Очень удивительно, что на фоне возрождения России, жанр имперской живописи (более нам известный как «социалистический реализм») по-прежнему остаётся в совершеннейшем небрежении. Тому виной, безусловно, является вредительская деятельность всевозможных кураторов «современных» искусств, питающих своими обвисшими сосцами всяческое уродство и хуйню, но в конце концов надо же и нам что-то делать! Когда же ещё, как не в наше благословенное время?
Лично я готов за достойное вознаграждение написать две сугубо реалистические картины: «Путин и Башкиры» (г-н Президент достаёт зубами монетку из ковша со сметаной) и «Очередь на липосакцию».
Только вот не знаю, где можно приобрести холсты соотв. размера (прим. 3х4 м, но чем больше, тем лучше).
Взялся в последнее время читать за завтраком писателя Набокова с ныне неприличным для культурного человека именем-отчеством «Владимир-Владимирович».
Я его конечно и раньше читал в либеральном угаре открытия старых имён времён коротичевского огонька и яковлевских москоу-нюз, но никогда не был особым поклонником этого брюзгливого математического старца с полным отсутствием лица на лице.
Я вообще выудил эту книжку из своей т. н. библиотеки (где пятьдесят книг, все с подписями авторов, поэтому выкинуть неудобно, а как туда попал Набоков без подписи — непонятно) для того, чтобы подложить её под монитор для просмотра любимейшего моего кинофильма про звёздные войны. Кинофильм потом кончился, а книжка осталась. Взялся пролистать её от скуки и увлёкся, хорошо ведь излагает: «в сумеречной дымке терялись существительные, оставались только глаголы, — даже не глаголы, а какие-то их архаические формы. Это могло значить многое: например, — конец мира». Или вот «на улице было всё ещё светло, — и как-то сжималось сердце от рано зажжённых огней».

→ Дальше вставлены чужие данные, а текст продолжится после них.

(* Let $\Upsilon_{0:k}$ be the Choi operator of a valid $k$-slot process tensor on $n$ qubits, and let $\Upsilon^{\mathcal{T}_P}_{0:k}:=\mathcal{T}_P^{(k)}(\Upsilon_{0:k})$ be its multi-time Pauli twirl. Then $\Upsilon^{\mathcal{T}_P}_{0:k}$ admits the process-separable decomposition \[ \Upsilon^{\mathcal{T}_P}_{0:k}=\sum_{\mathcal{P}\in\mathbb{P}^{(n,k)}}\Pr(\mathcal{P})\,\Upsilon_{\mathcal{P}},\qquad \Upsilon_{\mathcal{P}}=\bigotimes_{j=0}^k\Pi_{P_j}, \] where, for a trajectory $\mathcal{P}=(P_0,\dots,P_k)$, \[ \Pr(\mathcal{P})=\frac{w(\mathcal{P})}{\mathcal{N}},\qquad w(\mathcal{P}):=\mathrm{Tr}\Big[\Big(\bigotimes_{j=0}^k\Pi_{P_j}\Big)\Upsilon_{0:k}\Big]\ge 0,\qquad \mathcal{N}:=\sum_{\mathcal{P}\in\mathbb{P}^{(n,k)}}w(\mathcal{P}), \] and the numbers $\Pr(\mathcal{P})$ form a valid probability distribution on $\mathbb{P}^{(n,k)}$.
   Context: $\mathbb{P}^{(n)}=\{I,X,Y,Z\}^{\otimes n}$ is the set of $n$-qubit Pauli operators (modulo phase), and $\mathbb{P}^{(n,k)}=(\mathbb{P}^{(n)})^{k+1}$ is the set of spatiotemporal Pauli trajectories $\mathcal{P}=(P_0,\dots,P_k)$. For $P\in\mathbb{P}^{(n)}$, $|P\rangle\!\rangle=(\mathbb{I}\otimes P)\sum_i|i\rangle|i\rangle$ is its vectorisation and $\Pi_P=|P\rangle\!\rangle\langle\!\langle P|$ (the Choi operator of the channel $\rho\mapsto P\rho P$), acting on $\mathcal{H}_{\mathfrak{i}_j}\otimes\mathcal{H}_{\mathfrak{o}_j}$ in the $j$-th factor. A $k$-slot process tensor has Choi operator $\Upsilon_{0:k}$ on $\bigotimes_{j=0}^k(\mathcal{H}_{\mathfrak{i}_j}\otimes\mathcal{H}_{\mathfrak{o}_j})$ (each factor an $n$-qubit space, $\mathfrak{i}_j,\mathfrak{o}_j$ the input/output at time step $j$); it is valid iff $\Upsilon_{0:k}\ge0$ and there are operators $\Upsilon_{0:j}$ on the first $j+1$ slots ($\Upsilon_{0:k}$ the given one) with $\mathrm{Tr}_{\mathfrak{o}_j}[\Upsilon_{0:j}]=\Upsilon_{0:j-1}\otimes\mathbb{I}_{\mathfrak{i}_j}$ for $j=1,\dots,k$ and $\mathrm{Tr}_{\mathfrak{o}_0}[\Upsilon_{0:0}]=\mathbb{I}_{\mathfrak{i}_0}$ (Choi operators use the unnormalised maximally entangled vector). The multi-time Pauli twirl is $\mathcal{T}_P^{(k)}(\Upsilon)=|\mathbb{P}^{(n)}|^{-(k+1)}\sum_{P_0,\dots,P_k\in\mathbb{P}^{(n)}}(\bigotimes_{j}P_j\otimes P_j)\Upsilon(\bigotimes_j P_j\otimes P_j)$, the $j$-th pair acting on $\mathcal{H}_{\mathfrak{i}_j}\otimes\mathcal{H}_{\mathfrak{o}_j}$. An operator is process-separable if it is a convex combination of tensor products $\Upsilon_0\otimes\cdots\otimes\Upsilon_k$ of Choi operators of CPTP channels (one per time step). *)

(* Complex numbers: algC. Operators on a finite-dimensional
   Hilbert space with orthonormal basis indexed by a finType T are
   represented by their matrix entries T -> T -> algC. *)
From HB Require Import structures.
From mathcomp Require Import all_boot all_order all_algebra all_field.
Set Implicit Arguments. Unset Strict Implicit. Unset Printing Implicit Defensive.
Import Order.TTheory GRing.Theory Num.Theory.
Local Open Scope ring_scope.

Definition Op (T : finType) := T -> T -> algC.

Definition psd (T : finType) (A : Op T) : Prop :=
  forall v : T -> algC, 0 <= \sum_(x : T) \sum_(y : T) (v x)^* * A x y * v y.

Definition trace (T : finType) (A : Op T) : algC := \sum_(x : T) A x x.

Definition mulop (T : finType) (A B : Op T) : Op T :=
  fun x y => \sum_(z : T) A x z * B z y.

Definition qbasis (n : nat) := {ffun 'I_n -> bool}.

(* n-qubit Pauli operators modulo phase: each qubit gets 0=I,1=X,2=Y,3=Z *)
Definition pauli (n : nat) := {ffun 'I_n -> 'I_4}.

(* single-qubit Pauli matrices, basis false=|0>, true=|1> *)
Definition sigma1 (a : 'I_4) (x y : bool) : algC :=
  match val a with
  | 0 => (x == y)%:R
  | 1 => (x != y)%:R
  | 2 => if x == y then 0 else if x then 'i else - 'i
  | _ => if x == y then (if x then -1 else 1) else 0
  end.

Definition pauli_op (n : nat) (P : pauli n) : Op (qbasis n) :=
  fun x y => \prod_(q < n) sigma1 (P q) (x q) (y q).

(* basis of H_{i_j} (x) H_{o_j} : (input index, output index) *)
Definition slot (n : nat) := (qbasis n * qbasis n)%type.

(* |P>> = (I (x) P) sum_i |i>|i>,  i.e. <<(a,b)|P>> = P_{b a} *)
Definition vecP (n : nat) (P : pauli n) (s : slot n) : algC :=
  pauli_op P s.2 s.1.

Definition PiP (n : nat) (P : pauli n) : Op (slot n) :=
  fun s t => vecP P s * (vecP P t)^*.

Definition hist (n m : nat) := {ffun 'I_m -> slot n}.

Definition tens (n m : nat) (A : 'I_m -> Op (slot n)) : Op (hist n m) :=
  fun x y => \prod_(j < m) A j (x j) (y j).

Definition traj (n k : nat) := {ffun 'I_k.+1 -> pauli n}.

Definition Ups_traj (n k : nat) (Ps : traj n k) : Op (hist n k.+1) :=
  tens (fun j => PiP (Ps j)).

Definition PP (n : nat) (P : pauli n) : Op (slot n) :=
  fun s t => pauli_op P s.1 t.1 * pauli_op P s.2 t.2.

Definition twirl (n k : nat) (Y : Op (hist n k.+1)) : Op (hist n k.+1) :=
  fun x y => (#|pauli n|%:R : algC) ^- k.+1 *
    \sum_(Ps : traj n k)
      mulop (mulop (tens (fun j => PP (Ps j))) Y) (tens (fun j => PP (Ps j))) x y.

Definition weight (n k : nat) (Y : Op (hist n k.+1)) (Ps : traj n k) : algC :=
  trace (mulop (Ups_traj Ps) Y).

Definition normN (n k : nat) (Y : Op (hist n k.+1)) : algC :=
  \sum_(Ps : traj n k) weight Y Ps.

Definition prob (n k : nat) (Y : Op (hist n k.+1)) (Ps : traj n k) : algC :=
  weight Y Ps / normN Y.

Definition ext (n m : nat) (x : hist n m) (s : slot n) : hist n m.+1 :=
  [ffun i => if unlift ord_max i is Some i' then x i' else s].

(* valid k-slot process tensor: Upsilon >= 0 and a chain Upsilon_{0:j}
   (here U (j+1), an operator on the first j+1 slots) with
   Tr_{o_j} U(j+1) = U j (x) I_{i_j}, where U 0 := 1 (scalar), so that the
   case j = 0 reads Tr_{o_0} Upsilon_{0:0} = I_{i_0}. *)
Definition valid_process_tensor (n k : nat) (Y : Op (hist n k.+1)) : Prop :=
  psd Y /\
  exists U : forall m : nat, Op (hist n m),
    (forall x y, U k.+1 x y = Y x y) /\
    (forall x y, U 0%N x y = 1) /\
    (forall m : nat, (m < k.+1)%N ->
       forall (x y : hist n m) (a b : qbasis n),
         \sum_(o : qbasis n) U m.+1 (ext x (a, o)) (ext y (b, o))
           = U m x y * (a == b)%:R).

Definition cptp_choi (n : nat) (C : Op (slot n)) : Prop :=
  psd C /\ forall a b : qbasis n, \sum_(o : qbasis n) C (a, o) (b, o) = (a == b)%:R.

Definition process_separable (n k : nat) (Y : Op (hist n k.+1)) : Prop :=
  exists (I : finType) (p : I -> algC) (C : I -> 'I_k.+1 -> Op (slot n)),
    (forall i, 0 <= p i) /\ \sum_(i : I) p i = 1 /\
    (forall i j, cptp_choi (C i j)) /\
    (forall x y, Y x y = \sum_(i : I) p i * tens (C i) x y).

From HB Require Import structures.
From mathcomp Require Import all_boot all_order all_algebra all_field.
From mathcomp Require Import ring.
Set Implicit Arguments. Unset Strict Implicit. Unset Printing Implicit Defensive.
Import Order.TTheory GRing.Theory Num.Theory.
Local Open Scope ring_scope.

(* The vectorised Paulis |P>> are orthogonal with sum_P |P>><<P| = 2^n I, so
   averaging (P (x) P) . (P (x) P) over P has the kernel sum_P Pi_P (x) Pi_P
   with two indices exchanged; tensoring over the k+1 slots gives
   twirl Y = |P|^-(k+1) sum_Ps w(Ps) Ups_Ps.  Each Ups_Ps is rank one, so
   w(Ps) = <<Ps|Y|Ps>> >= 0, and each Pi_P is the Choi operator of the unitary
   channel rho |-> P rho P.  Finally sum_Ps w(Ps) = (2^n)^(k+1) Tr Y, while the
   causality chain forces Tr Y = (2^n)^(k+1) (tracing out an output leaves the
   identity on an input of dimension 2^n), so N = |P|^(k+1) is exactly the
   normalisation of the twirl. *)

(* The entries of the Pauli matrices lie in Z[i]; computing in Z[i] as
   int * int turns the single-qubit identities into finite evaluations. *)
Definition gaussZ := (int * int)%type.

Definition gaussC (g : gaussZ) : algC := g.1%:~R + g.2%:~R * 'i.

Definition gaussZ_add (g h : gaussZ) : gaussZ := (g.1 + h.1, g.2 + h.2).

Definition gaussZ_mul (g h : gaussZ) : gaussZ :=
  (g.1 * h.1 - g.2 * h.2, g.1 * h.2 + g.2 * h.1).

Definition gaussZ_conj (g : gaussZ) : gaussZ := (g.1, - g.2).

Lemma gaussC_add g h : gaussC (gaussZ_add g h) = gaussC g + gaussC h.
Proof. by rewrite /gaussC /= !rmorphD /=; ring. Qed.

Lemma gaussC_mul g h : gaussC (gaussZ_mul g h) = gaussC g * gaussC h.
Proof.
have ii : 'i * 'i = -1 :> algC by rewrite -expr2 sqrCi.
rewrite /gaussC /= !rmorphB !rmorphD !rmorphM /=.
transitivity (g.1%:~R * h.1%:~R + (g.1%:~R * h.2%:~R + g.2%:~R * h.1%:~R) * 'i
              + g.2%:~R * h.2%:~R * ('i * 'i) : algC); last by ring.
by rewrite ii; ring.
Qed.

Lemma gaussC_conj g : gaussC (gaussZ_conj g) = (gaussC g)^*.
Proof.
by rewrite /gaussC /= rmorphD rmorphM /= !rmorph_int conjCi rmorphN /=; ring.
Qed.

Lemma gaussC_nat (m : nat) : gaussC (m%:Z, 0) = m%:R.
Proof. by rewrite /gaussC /= mul0r addr0. Qed.

Lemma gaussC_sum (I : Type) (r : seq I) (F : I -> gaussZ) :
  gaussC (\big[gaussZ_add/(0, 0)]_(i <- r) F i) = \sum_(i <- r) gaussC (F i).
Proof. by apply: big_morph; [exact: gaussC_add | rewrite /gaussC /= mul0r addr0]. Qed.

Definition sigma1_gauss (a : 'I_4) (x y : bool) : gaussZ :=
  match val a with
  | 0 => ((x == y)%:Z, 0)
  | 1 => ((x != y)%:Z, 0)
  | 2 => if x == y then (0, 0) else if x then (0, 1) else (0, -1)
  | _ => if x == y then (if x then (-1, 0) else (1, 0)) else (0, 0)
  end.

Lemma sigma1_gaussE a x y : sigma1 a x y = gaussC (sigma1_gauss a x y).
Proof.
rewrite /sigma1 /sigma1_gauss /gaussC.
by case: a => [[|[|[|[|m]]]] ?] //=; case: x; case: y;
  rewrite /= ?mul0r ?mul1r ?addr0 ?add0r ?mulN1r.
Qed.

Lemma sigma1_twirl s1 s2 t1 t2 u1 u2 v1 v2 :
  \sum_(a < 4) sigma1 a s1 t1 * sigma1 a s2 t2 * (sigma1 a u1 v1 * sigma1 a u2 v2)
  = \sum_(a < 4) sigma1 a u2 u1 * (sigma1 a t2 t1)^* * (sigma1 a s2 s1 * (sigma1 a v2 v1)^*).
Proof.
under eq_bigr do rewrite !sigma1_gaussE -!gaussC_mul.
under [RHS]eq_bigr do rewrite !sigma1_gaussE -!gaussC_conj -!gaussC_mul.
rewrite -!gaussC_sum; congr gaussC; rewrite !big_ord_recl !big_ord0.
by case: s1; case: s2; case: t1; case: t2; case: u1; case: u2; case: v1; case: v2;
  vm_compute.
Qed.

Lemma sigma1_unitary (a : 'I_4) x y :
  \sum_(o : bool) sigma1 a o x * (sigma1 a o y)^* = (x == y)%:R.
Proof.
rewrite big_bool /= !sigma1_gaussE -!gaussC_conj -!gaussC_mul -gaussC_add -gaussC_nat.
by congr gaussC; case: a => [[|[|[|[|m]]]] ?] //; case: x; case: y; vm_compute.
Qed.

Lemma sigma1_completeness s1 s2 t1 t2 :
  \sum_(a < 4) sigma1 a s2 s1 * (sigma1 a t2 t1)^*
  = (2 * ((s1 == t1) && (s2 == t2)))%:R.
Proof.
under eq_bigr do rewrite !sigma1_gaussE -gaussC_conj -gaussC_mul.
rewrite -gaussC_sum -gaussC_nat; congr gaussC; rewrite !big_ord_recl !big_ord0.
by case: s1; case: s2; case: t1; case: t2; vm_compute.
Qed.

Lemma prodr_natb (I : finType) (c : I -> bool) :
  \prod_i (c i)%:R = [forall i, c i]%:R :> algC.
Proof.
have [call | /forallPn[i ci]] := boolP [forall i, c i].
  by rewrite big1 // => i _; rewrite (forallP call).
by rewrite (bigD1 i) //= (negbTE ci) mul0r.
Qed.

Lemma forall_eq_ffun (I T : finType) (f g : {ffun I -> T}) :
  [forall i, f i == g i] = (f == g).
Proof. by apply/eqfunP/eqP => [/ffunP | ->]. Qed.

Lemma forall_eq_slot n (s t : slot n) :
  [forall q, (s.1 q == t.1 q) && (s.2 q == t.2 q)] = (s == t).
Proof.
case: s t => [s1 s2] [t1 t2]; rewrite xpair_eqE -!forall_eq_ffun /=.
by apply/forallP/andP => [st | [/forallP s1t1 /forallP s2t2] q];
  [split; apply/forallP => q; have /andP[] := st q | rewrite s1t1 s2t2].
Qed.

Definition rank1 (T : finType) (v : T -> algC) : Op T := fun x y => v x * (v y)^*.

Lemma psd_rank1 (T : finType) (v : T -> algC) : psd (rank1 v).
Proof.
move=> u; set c := \sum_x (u x)^* * v x.
have -> : \sum_x \sum_y (u x)^* * rank1 v x y * u y = c * c^*.
  rewrite rmorph_sum mulr_suml; apply: eq_bigr => x _.
  rewrite mulr_sumr; apply: eq_bigr => y _.
  by rewrite /rank1 rmorphM /= conjCK; ring.
by rewrite -normCK exprn_ge0.
Qed.

Lemma trace_rank1_mul (T : finType) (v : T -> algC) (A : Op T) :
  trace (mulop (rank1 v) A) = \sum_x \sum_y (v x)^* * A x y * v y.
Proof.
rewrite /trace /mulop /rank1 exchange_big; apply: eq_bigr => x _.
by apply: eq_bigr => y _; ring.
Qed.

Lemma tens_rank1 n m (v : 'I_m -> slot n -> algC) x y :
  tens (fun j => rank1 (v j)) x y = rank1 (fun z : hist n m => \prod_j v j (z j)) x y.
Proof. by rewrite /tens /rank1 rmorph_prod -big_split. Qed.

Я вот сдохну скорее, чем сумею написать предложение, в котором тире следует после запятой, а у него два раза подряд.
Зависть, да. И не жить мне никогда в Большой Морской улице и не ездить в первый класс на нынешний Суворовский проспект. Печальной судьбой определено мне век вечный коротать в окрестностях лечебницы имени Скворцова-Степанова для душевнобольных да пугать ворон новыми ботинками от магазина рибок.
А продайте мне кто-нибудь фотоаппарат никон за гуманные деньги? Честное слово, я не буду засорять им информационное пространство.
А вот почему меня-то это так страшно раздражает?
Это я нового Щербакова слушаю, если кто не понял.
Когда-то очень давно, году в девяносто первом что ли когда ещё половина вас не умела толком разговаривать и правильно пользоваться туалетной бумагой, дали мне несусветную какую-то сумму денег: тысячу долларов или около того. Можно было конечно употребить эту сумму на что-нибудь тоскливое, например заплатить за электричество за последние пять лет или купить себе зимние ботинки (тем более, что была как раз зима). Но скажите: какая радость может быть человеку от зимних ботинок, кроме того, что они на натуральном меху? Никакой.
В общем я решил сделать что-нибудь смелое и сильное и зашёл в единственный в нашем городе компьютерный магазин. Год, я ещё раз напоминаю, был девяносто первый и никакого компьютера я до той поры в глаза не видел и вообще смутно представлял себе, что он мог бы делать.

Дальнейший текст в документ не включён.